Приспособление/сопротивление. Философские очерки - Игорь Павлович Смирнов
Шрифт:
Интервал:
Закладка:
История идей занимает меня в логическом ключе. Мне придется теперь сломать выстроившуюся хронологическую последовательность и, сделав шаг назад, обратиться к периодам, в которых преобладало сомнение в правоте гедонизма. Одним из таких диахронических ансамблей была социокультура, формировавшаяся и трансформировавшаяся в XVII столетии. В той мере, в какой человек был интересен для нее в своем эпистемологическом, а не эмоциональном аспекте, гедонизм, тематизировавшийся в философии Ренессанса, вовсе выпадал из поля зрения барочных мыслителей. Неважно, как оценивался человек знающий: в качестве беспомощного существа, чей интеллект не мог у Паскаля обойтись без веры, или в качестве приобщенного у Декарта Божественной истине в своих рациональных выкладках, – чувственное наслаждение не входило в этих антагонистических барочных учениях в число проблем, которые подлежали бы первоочередной постановке, делались бы эпохально значимыми. В трактате «De Homine» (1658) Томас Гоббс свел удовольствие и неудовольствие к движениям тела из себя вовне и в обратном направлении. В отличие от Паскаля и Декарта он размышлял о человеке в первую очередь не как о производителе умственных операций, а как об организме и участнике социальной организации. В своем волении человек был для Гоббса не автономен, зависим от желаний, вызываемых простейшими нуждами материального свойства. Наслаждение не имеет для Гоббса постоянного во всех случаях содержания, варьируясь по потребностям, которые мы испытываем в разных обстоятельствах. Поэтому высшее, абсолютное благо вообще не может быть обретено в этой жизни. Все, что нам остается, – забота о самосохранении, утверждал Гоббс, как позднее и Бенедикт Спиноза в «Этике» (1675). Гоббс доказывал от противного общее для барокко долженствование вывода о наблюдаемом из умственного, демонстрируя в своих сочинениях недостаточность человека, пытающегося распорядиться собой лишь в материальном мире, помимо сопричастности инобытию (поэтому в «Левиафане» государство станет совершенным, только если сольется с церковью).
Романтизм, взиравший на опытную среду из‐за ее пределов – оттуда, где царит Дух, был настроен к гедонистической философии враждебно в разладе с Просвещением – сходно с тем поворотом, который отвлеченная мысль претерпела на пути от Ренессанса к барокко. В четвертой главе «Феноменологии Духа» Гегель интерпретировал наслаждение, в котором утопает Господин, победивший в войне всех против всех, как чистое отрицание вещи (как уничтожение Иного, по толкованию Жана Ипполита, сформулированному в его «Логике и существовании», 1952). Господин, связанный с миром лишь опосредованно – через Кнехта, довольствуется в своей обособленности от всеобщего тем, что наслаждается жизненными благами. В свой черед для Кнехта, обрабатывающего вещь, она сохраняет свою самостоятельность. Она то собственное Другое Кнехта, которое с необходимостью входит в конституирование всякого самосознания. Подавляющий желание в труде, Кнехт персонифицирует бытие самосознания для себя, что есть, по Гегелю, истина. Кнехт, сосредоточенный на формовке мировых вещей, историчен и в силу этого движет Дух к абсолютному состоянию.

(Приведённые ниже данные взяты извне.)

(* Let $m,n$ be nonzero integers with $|m|<|n|$, let $h=\gcd(m,n)$, $p=|m|/h$, $q=|n|/h$. Let $u_1,u_2$ be vertices of type $a$ of $\Lambda_{m,n}$, with corresponding vertices $\bar u_1,\bar u_2$ of $T$ and corresponding $a$-lines $\ell_1,\ell_2$ of $\Upsilon_{m,n}$. Assume that some $t$-line intersects both $\ell_1$ and $\ell_2$, and let $\ell^{12}_2\subseteq\ell_2$ be the set of all points $\ell_2\cap\ell$ where $\ell$ ranges over the $t$-lines intersecting both $\ell_1$ and $\ell_2$. Then $\ell^{12}_2$ is a set of equally spaced vertices of $\ell_2$, with gap (number of $a$-edges along $\ell_2$ between consecutive elements) equal to $hq^{d_T(\bar u_1,\bar u_2)}$ if $u_2<u_1$, and equal to $hp^{d_T(\bar u_1,\bar u_2)}$ if $u_1<u_2$.
   Context: $\mathrm{BS}(m,n)=\langle a,t\mid ta^mt^{-1}=a^n\rangle$; $\Upsilon_{m,n}$ is its Cayley graph for $\{a,t\}$ (edges $g\to gs$ oriented and labeled by $s$); $a$-lines and $t$-lines are the subgraphs spanned by left cosets of $\langle a\rangle$ and $\langle t\rangle$. $\Lambda_{m,n}$ has one vertex per $a$-line or $t$-line (of type $a$ or $t$ respectively), adjacent when the lines intersect. $T$ is the Bass–Serre tree: its vertices are the $a$-lines (identified with type-$a$ vertices of $\Lambda_{m,n}$), with one edge, oriented from $\ell$ to $\ell'$, for each pair of $a$-lines $(\ell,\ell')$ such that $gt\in\ell'$ for some $g\in\ell$. Partial order on vertices of $T$ (hence on type-$a$ vertices): $v_1\le v_2$ if every edge on the geodesic from $v_1$ to $v_2$ is oriented from $v_1$ toward $v_2$; $u<u'$ means $u\le u'$ and $u\ne u'$. $d_T$ is the combinatorial distance in $T$. *)

(* BS(m,n) is modelled by its presentation: words in the letters
   a, a^-1, t, t^-1, modulo the congruence generated by free cancellation and
   the relator t a^m t^-1 a^-n. *)
From Stdlib Require Import ZArith List Relations.
Import ListNotations.
Open Scope Z_scope.

Inductive letter := LA | LAi | LT | LTi.

Definition word := list letter.

Definition linv (x : letter) : letter :=
  match x with LA => LAi | LAi => LA | LT => LTi | LTi => LT end.

Definition apow (k : Z) : word :=
  if (0 <=? k) then repeat LA (Z.to_nat k) else repeat LAi (Z.to_nat (- k)).
Definition tpow (k : Z) : word :=
  if (0 <=? k) then repeat LT (Z.to_nat k) else repeat LTi (Z.to_nat (- k)).

Definition relator (m n : Z) : word := [LT] ++ apow m ++ [LTi] ++ apow (- n).

Inductive bs_step (m n : Z) : word -> word -> Prop :=
| step_cancel u v x : bs_step m n (u ++ [x; linv x] ++ v) (u ++ v)
| step_rel u v : bs_step m n (u ++ relator m n ++ v) (u ++ v).

Definition bs_eq (m n : Z) : relation word := clos_refl_sym_trans word (bs_step m n).

Definition same_aline (m n : Z) (g g' : word) : Prop :=
  exists k : Z, bs_eq m n (g ++ apow k) g'.

Definition same_tline (m n : Z) (g g' : word) : Prop :=
  exists k : Z, bs_eq m n (g ++ tpow k) g'.

(* Bass-Serre tree T: vertices are a-lines, represented by any of their points.
   Oriented edge l -> l' iff g t ∈ l' for some g ∈ l. *)
Definition Tedge (m n : Z) (l l' : word) : Prop :=
  exists g, same_aline m n l g /\ same_aline m n l' (g ++ [LT]).
Lemma fpi_error_snd xs ys x y : step (xs, ys) = (xs, ys) ->
  enorm ((step (x, y)).2 - ys) <=
  `|1 - tau| * enorm (y - ys) +
  tau * ((opnorm (A - Om *m B) + L1 + L2 * opnorm Om) * enorm ((step (x, y)).1 - xs)).
Proof.
move=> fix_s; set x' := (step (x, y)).1.
have fix_ys : ys = (1 - tau) *: ys + tau *: vabs (g xs).
  by rewrite -{1}[ys](congr1 snd fix_s) -{2}[xs](congr1 fst fix_s).
have -> : (step (x, y)).2 - ys =
    (1 - tau) *: (y - ys) + tau *: (vabs (g x') - vabs (g xs)).
  have -> : (step (x, y)).2 = (1 - tau) *: y + tau *: vabs (g x') by [].
  by rewrite {1}fix_ys; apply/matrixP => i j; rewrite !mxE; ring.
apply: le_trans (ler_enormD _ _) _; rewrite !enormZ (gtr0_norm tau_gt0) lerD2l.
apply: ler_wpM2l; first exact: ltW.
apply: le_trans (ler_enorm_vabs _ _) _.
have -> : g x' - g xs = (A - Om *m B) *m (x' - xs) + (cw phi x' - cw phi xs)
    - Om *m (cw psi x' - cw psi xs).
  by rewrite /g /modulus_arg !mulmxBr; apply/matrixP => i j; rewrite !mxE; ring.
have := ler_enorm_nonlinearB x' xs; have := ler_opnormM (A - Om *m B) (x' - xs).
have := ler_enormD ((A - Om *m B) *m (x' - xs)) (cw phi x' - cw phi xs).
have := ler_enormB ((A - Om *m B) *m (x' - xs) + (cw phi x' - cw phi xs))
  (Om *m (cw psi x' - cw psi xs)).
lra.
Qed.

Hypotheses (L1_ge0 : 0 <= L1) (L2_ge0 : 0 <= L2).

Lemma fpi_seq_cvg xs ys x0 y0 : step (xs, ys) = (xs, ys) ->
  let alpha := opnorm (invmx M) in
  let beta := opnorm N + L1 + L2 * opnorm Om in
  let gamma := opnorm (A - Om *m B) + L1 + L2 * opnorm Om in
  alpha * (beta + gamma) < 1 ->
  tau < 2 * (1 - alpha * beta) / (1 - alpha * beta + alpha * gamma) ->
  (fun k => (fpi_seq A B Om M N phi psi tau x0 y0 k).1) @ \oo --> xs.
Proof.
move=> fix_s alpha beta gamma rate tau_lt.
have alpha_ge0 : 0 <= alpha := opnorm_ge0 _.
have LOm_ge0 : 0 <= L2 * opnorm Om by rewrite mulr_ge0 ?opnorm_ge0.
have beta_ge0 : 0 <= beta by rewrite !addr_ge0 ?opnorm_ge0.
have gamma_ge0 : 0 <= gamma by rewrite !addr_ge0 ?opnorm_ge0.
set s := fpi_seq A B Om M N phi psi tau x0 y0.
have s_succ k : s k.+1 = step (s k) by [].
set a := fun k => enorm ((s k).1 - xs); set b := fun k => enorm ((s k).2 - ys).
have rec_a k : a k.+1 <= alpha * beta * a k + alpha * b k.
  have := fpi_error_fst _ _ (s k).1 (s k).2 fix_s.
  by rewrite -surjective_pairing -s_succ -mulrA -mulrDr.
have rec_b k : b k.+1 <= `|1 - tau| * b k + tau * gamma * a k.+1.
  have := fpi_error_snd _ _ (s k).1 (s k).2 fix_s.
  by rewrite -surjective_pairing -s_succ -mulrA.
have [rate_s rate_det] :=
  fpi_rate_conditions _ _ _ _ alpha_ge0 beta_ge0 gamma_ge0 rate tau_gt0 tau_lt.
have [K [rho [rho01 le_a]]] := coupled_recurrence_geometric a b _ _ _ _
  (fun k => enorm_ge0 _) (fun k => enorm_ge0 _) (mulr_ge0 alpha_ge0 beta_ge0)
  alpha_ge0 (normr_ge0 _) (mulr_ge0 (ltW tau_gt0) gamma_ge0) rate_s rate_det rec_a rec_b.
exact: cvg_enorm_geometric rho01 le_a.
Qed.

End FPI.

Theorem theorem3p1 (R : realType) (n : nat) (A B Om M N : 'M[R]_n)
  (phi psi : R -> R) (L1 L2 tau : R) (xstar : 'cV[R]_n) :
  is_diag_mx Om -> (forall i, 0 < Om i i) ->
  0 < L1 -> 0 < L2 ->
  (forall u v : 'cV[R]_n, enorm (cw phi u - cw phi v) <= L1 * enorm (u - v)) ->
  (forall u v : 'cV[R]_n, enorm (cw psi u - cw psi v) <= L2 * enorm (u - v)) ->
  A + Om *m B = M - N -> M \in unitmx ->
  vncp_sol A B phi psi xstar ->
  let alpha := opnorm (invmx M) in
  let beta := opnorm N + L1 + L2 * opnorm Om in
  let gamma := opnorm (A - Om *m B) + L1 + L2 * opnorm Om in
  alpha * (beta + gamma) < 1 ->
  0 < tau -> tau < 2 * (1 - alpha * beta) / (1 - alpha * beta + alpha * gamma) ->
  (forall x0 y0 : 'cV[R]_n,
     (fun k => (fpi_seq A B Om M N phi psi tau x0 y0 k).1) @ \oo --> xstar) /\
  (forall x : 'cV[R]_n, vncp_sol A B phi psi x -> x = xstar).
Proof.
move=> Om_diag Om_gt0 L1_gt0 L2_gt0 phi_lip psi_lip split_AB M_unit xstar_sol
  alpha beta gamma rate tau_gt0 tau_lt.
have Om_ge0 i : 0 <= Om i i := ltW (Om_gt0 i).
have cvg_sol x x0 y0 : vncp_sol A B phi psi x ->
    (fun k => (fpi_seq A B Om M N phi psi tau x0 y0 k).1) @ \oo --> x.
  move=> x_sol.
  have fixed := vncp_sol_fpi_fixed (tau := tau) _ Om_diag Om_ge0 split_AB M_unit x_sol.
  exact: (fpi_seq_cvg phi_lip psi_lip tau_gt0 (ltW L1_gt0) (ltW L2_gt0) _ _ _ _
    fixed rate tau_lt).
split=> [x0 y0|x x_sol]; first exact: cvg_sol.
exact: cvg_unique (cvg_sol x 0 0 x_sol) (cvg_sol xstar 0 0 xstar_sol).
Qed.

Сколь бы ни был Сёрен Кьеркегор возмущен философской системой, изложенной в «Феноменологии Духа», он, романтик, как и Гегель, был заодно с противником в неприятии гедонизма. Ставя человека в «Или – или» (1843) перед альтернативой, вести ли себя по эстетическому либо по этическому образцу, Кьеркегор отдает безоговорочное предпочтение второму из этих поведенческих вариантов, означающему выбор самого выбора, который всегда помещает нас между Добром и Злом – полярностями нравственного сознания. Эстетик же нейтрализует выбор в индифферентизме, будучи греховно подчиненным естественному в человеке и его порабощающему упоению наслаждением, условия которого расположены вне субъекта (Кьеркегор отзывается здесь на «Критику практического разума»). Умножение услад упирается в меланхолию, ибо человек, зависящий от внешних обстоятельств, становится необъяснимым для самого себя. Эта болезнь души увенчивается отчаянием. Оно плодотворно. Отчаявшийся человек выбирает себя и приходит к раскаянию в совершенном им грехе эстетизма. Оно захватывает место и кантовского трансцендентального субъекта, и гегелевского самосознания и обращает человека к Богу. Нашедший себя выполнил долг применительно к себе самому и поэтому вознаграждается внутренним спокойствием.
Если на закате романтической эпохи Кьеркегор клеймил гедонизм эстета, то на ее восходе Фридрих Шиллер, напротив, вынашивал в «Письмах об эстетическом воспитании человека» (1793–1794) идеал общества и государства, зиждительным началом которых будет poiesis. Чувственные наслаждения, по мнению Шиллера, сугубо индивидуальны, в то время как радость познания вовсе безличностна, коль скоро оно составляет задачу рода людского. Только в творчески-игровой деятельности мы достигаем наслаждения, одинаково значимого как в персональном, так и в антропологическом измерениях. Ранний романтизм боролся с просвещенческим сенсуализмом на завоеванной Веком разума территории, еще не обесценивая вполне тогдашнее поклонение гедонизму, но уже переиначивая смысл наслаждения: в чувственных удовольствиях мы, по Шиллеру, не свободны от пресуществующего нам мира, от которого нас эмансипирует игра. Культ наслаждения подрывается созревающим романтизмом за счет того, что оно перестает быть приобретением, делаясь результатом изобретения – побочным продуктом более важной, чем оно, деятельности. Закономерно, что романтизм, сцепив поначалу наслаждение и otium (игровой досуг), перешел затем в гегелевской философии к тому, что противоположил negotium закрепощению человека в не более чем пользовании дарами жизни[192]. Зрелый романтизм в лице Шарля Фурье («Теория четырех движений и всеобщих судеб», 1808) поставил шиллеровскую игру в услужение труду, обрисовав такое грядущее общество, в котором «пассионарные» коллективы будут состязаться друг с другом на луддистский манер ради достижения наилучших производственных результатов.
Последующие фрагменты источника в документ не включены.